# Peavey vs. Cant Hook... and why?



## Ashful

After borrowing a cant hook for the third time, I figure it's time to buy my own.  So, I've been reading old threads on peaveys and cant hooks, and figuring I don't want to buy two or three... having trouble deciding which _one_ to buy.  Seems folks are fond of their Logrite bars, so that's the brand, leaving only the head style and length in question.

So, ye rare folk who have had the fortune to use both... which do you prefer for general firewood felling and scrounging work?  I've seen arguments given for both tools, as well as 48" vs. 60" lengths, but nothing entirely convincing.

The heavy rounds I need to roll are usually heavy due more to length than diameter.  This weekend, I'll be bucking and fetching another 18" - 24" diameter log, 30 - 40 feet long (or so the present owner claims).


----------



## bogydave

Cant hook
the sharp point on the peavey  is a pain ( sometimes literally )
48 " is easier to handle & fits on my ATV well.  Use it on logs similar to what you are facing.
Great back saver


----------



## muncybob

I use a cant hook with 48" handle. It's great for rolling logs and pulling rounds off the truck bed and onto the splitter. Before getting this great tool it was tough rolling logs and I had to hop up into the truck bed several times when unloading unless I had  helper nearby.
I sometimes wish I had the 5' handle though as I still need to hop up into the truck for those last few rounds I can't reach but since I usually sweep out the bed anyways it's not a big deal.


----------



## MarkinNC

I have the 60" Logrite peavey and it works well.  I've rolled some big logs with it, large enough I had to drive the hook in with a small sledge.  I got the peavey style because a friend of mine with a sawmill has used both and he preferred the peavey because you can stab the point in the ground and stop a log from rolling.  We live in the mountains so flatness of terrain is less than common.  I got the Logrite because he had broken 3 peavey handles over the years and they were $39 to replace at the time I was buying.


----------



## zzr7ky

Hi -

I use a couple.  One knock off steel felling leaver with a 36" handle.  It's fine for rolling stuff around at home.  The one I take in the woods has a 6' Hickory handle.  I LOVE it!!  ; ) 

Enjoy!
Mike


----------



## MrWhoopee

I've been thinking about buying one or the other myself. This cant hook with fiberglass handle and timberjack gets very good reviews.

http://www.northerntool.com/shop/tools/product_200357988_200357988

at $45 plus $15 shipping, it's very attractive.

Edit: oops, I wandered off subject again. Given my limited experience with a peavey and the extra functionality that a cant hook w/ timberjack provides, I say cant hook.


----------



## Ashful

MrWhoopee said:


> at $45 plus $15 shipping, it's very attractive.


 
I agree it looks like a good value, but the question was more which you would want (and why), at any price.  Assuming you only want to carry one log rolling tool to a site with you, and not a whole trailer load of them, which one tool would you choose?

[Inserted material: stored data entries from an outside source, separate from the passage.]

Lemma Csum_roots_Tpoly J s x N :
  Csum (fun j => (root_unity J ^ j) ^ s * Tpoly (root_unity J ^ j * x) N)%C J =
  Csum (fun m => RtoC (/ INR (fact m)) * x ^ m * root_power_sum J (s + m))%C N.
Proof.
  unfold Tpoly.
  rewrite (Csum_ext _ (fun j => Csum (fun m =>
      RtoC (/ INR (fact m)) * x ^ m * (root_unity J ^ j) ^ (s + m))%C N)).
  - rewrite Csum_swap. apply Csum_ext; intros m _.
    unfold root_power_sum. now rewrite <- Csum_mult_l.
  - intros j _. rewrite <- Csum_mult_l. apply Csum_ext; intros m _.
    rewrite Cpow_add_r, Cpow_mult_l. ring.
Qed.

Lemma roots_filter_Tpoly J k x : (k < J)%nat ->
  Csum (fun j => (root_unity J ^ j) ^ (J - k) * Tpoly (root_unity J ^ j * x) (k + 2 * J))%C J =
  (INR J * (RtoC (/ INR (fact k)) * x ^ k + RtoC (/ INR (fact (k + J))) * x ^ (k + J)))%C.
Proof.
  intros HkJ. rewrite Csum_roots_Tpoly.
  set (c := fun m => (RtoC (/ INR (fact m)) * x ^ m)%C).
  rewrite (Csum_ext _ (fun m => (if Nat.eqb m k then INR J * c k else 0)
                              + (if Nat.eqb m (k + J) then INR J * c (k + J)%nat else 0))%C).
  { rewrite Csum_plus, !Csum_delta by lia. unfold c; ring. }
  intros m Hm. fold (c m).
  destruct (Nat.eqb_spec m k) as [Hmk | Hmk]; destruct (Nat.eqb_spec m (k + J)) as [HmkJ | HmkJ];
    try lia.
  - subst m. replace (J - k + k)%nat with (1 * J)%nat by lia.
    rewrite root_power_sum_multiple by lia. ring.
  - subst m. replace (J - k + (k + J))%nat with (2 * J)%nat by lia.
    rewrite root_power_sum_multiple by lia. ring.
  - destruct (Nat.lt_ge_cases m k); [|destruct (Nat.lt_ge_cases m (k + J))].
    + replace (J - k + m)%nat with (0 * J + (J - k + m))%nat by lia.
      rewrite root_power_sum_nonmultiple by lia. ring.
    + replace (J - k + m)%nat with (1 * J + (m - k))%nat by lia.
      rewrite root_power_sum_nonmultiple by lia. ring.
    + replace (J - k + m)%nat with (2 * J + (m - k - J))%nat by lia.
      rewrite root_power_sum_nonmultiple by lia. ring.
Qed.
Lemma rooted_sub_graft x : x \in X -> e x y ->
  rooted_sub A D (u |: X) r
    (fun z => if z == u then x else par z) (fun z => if z == u then y else con z)
    (fun z => if z == u then (rk x).+1 else rk z).
Proof.
move=> Xx xy.
have ur : u != r by apply: contraNneq Xu => ->; apply: (rs_root Hs).
have conA' z : z \in X -> z != r -> con z \in A :\ u :\ y := rs_con Hs (x := z).
have con_neq_u z : z \in X -> z != r -> (con z == u) = false.
  by move=> Xz zr; have := conA' z Xz zr; rewrite !inE => /and3P[_ /negbTE].
split.
- by rewrite inE (rs_root Hs) orbT.
- by move=> z /setU1P[->|/(rs_X Hs)/A'A].
- by move=> z /setU1P[->|/(rs_notin_D Hs)].
- move=> z /setU1P[->|Xz] zr; first by rewrite eqxx inE Xx orbT.
  by rewrite neq_u // inE (rs_par Hs Xz zr) orbT.
- move=> z /setU1P[->|Xz] zr; first by rewrite eqxx neq_u.
  by rewrite !neq_u ?(rs_rank Hs) ?(rs_par Hs).
- by move=> z /setU1P[->|Xz] zr; rewrite ?eqxx // neq_u // A'A ?conA'.
- by move=> z /setU1P[->|Xz] zr; rewrite ?eqxx // neq_u // (rs_edge_con Hs).
- move=> z /setU1P[->|Xz] zr; first by rewrite eqxx /= e_sym.
  by rewrite neq_u // (rs_edge_par Hs).
- move=> z1 z2 /setU1P[->|Xz1] /setU1P[->|Xz2] z1r z2r //; rewrite ?eqxx ?neq_u //.
  + by move=> yc; move: (conA' z2 Xz2 z2r); rewrite -yc (negbTE A'y).
  + by move=> cy; move: (conA' z1 Xz1 z1r); rewrite cy (negbTE A'y).
  + exact: (rs_con_inj Hs).
- move=> z /setU1P[->|Xz] zr.
    rewrite eqxx !inE negb_or (negbTE Xy) andbT.
    by apply: contraTneq uy => ->; rewrite e_irr.
  by rewrite neq_u // !inE con_neq_u //= (rs_con_notin Hs).
- move=> z w /setU1P[->|Xz] Aw zw; first by left; rewrite eqxx (leaf_u Aw zw).
  rewrite neq_u //; case: (eqVneq w y) zw => [->|wy] zw; last first.
    case: (rs_nbhd Hs Xz (rooted_sub_leaf_closed Xz Aw zw wy) zw) => [|[y' [Xy' y'r <- ->]]].
      by left.
    by right; exists y'; rewrite inE Xy' orbT neq_u.
  by rewrite (rooted_sub_unique_neighbour Xx Xz xy zw); right; exists u; rewrite setU11 eqxx.
Qed.
End Graft.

Here's where someone will post a photo of a bulldozer.


----------



## Eric Johnson

Cant hook, although all I have at the moment is a Peavey. Unless you're driving logs in a waterway, that big spike coming out of the bottom just gets in the way. Cant hooks are designed to turn logs on flat ground or (more likely) on a sawmill deck or carriage.


----------



## DexterDay

Cant Hook with Log-Lift and a 48" Handle


----------



## jeff_t

I think the handle depends a lot on what you are trying to move. I suppose your body has a bit to do with it, too. I'm 6'1" and weigh about 230, and I'm not very fat. I use that 60" handle for all it's worth sometimes. 

Definitely support the logrite choice. I guess I don't really know, but it looks like the peavey point and cant hook might be interchangeable, by punching out a rolled pin.


----------



## Backwoods Savage

Joful said:


> After borrowing a cant hook for the third time, I figure it's time to buy my own. So, I've been reading old threads on peaveys and cant hooks, and figuring I don't want to buy two or three... having trouble deciding which _one_ to buy. Seems folks are fond of their Logrite bars, so that's the brand, leaving only the head style and length in question.
> 
> So, ye rare folk who have had the fortune to use both... which do you prefer for general firewood felling and scrounging work? I've seen arguments given for both tools, as well as 48" vs. 60" lengths, but nothing entirely convincing.
> 
> The heavy rounds I need to roll are usually heavy due more to length than diameter. This weekend, I'll be bucking and fetching another 18" - 24" diameter log, 30 - 40 feet long (or so the present owner claims).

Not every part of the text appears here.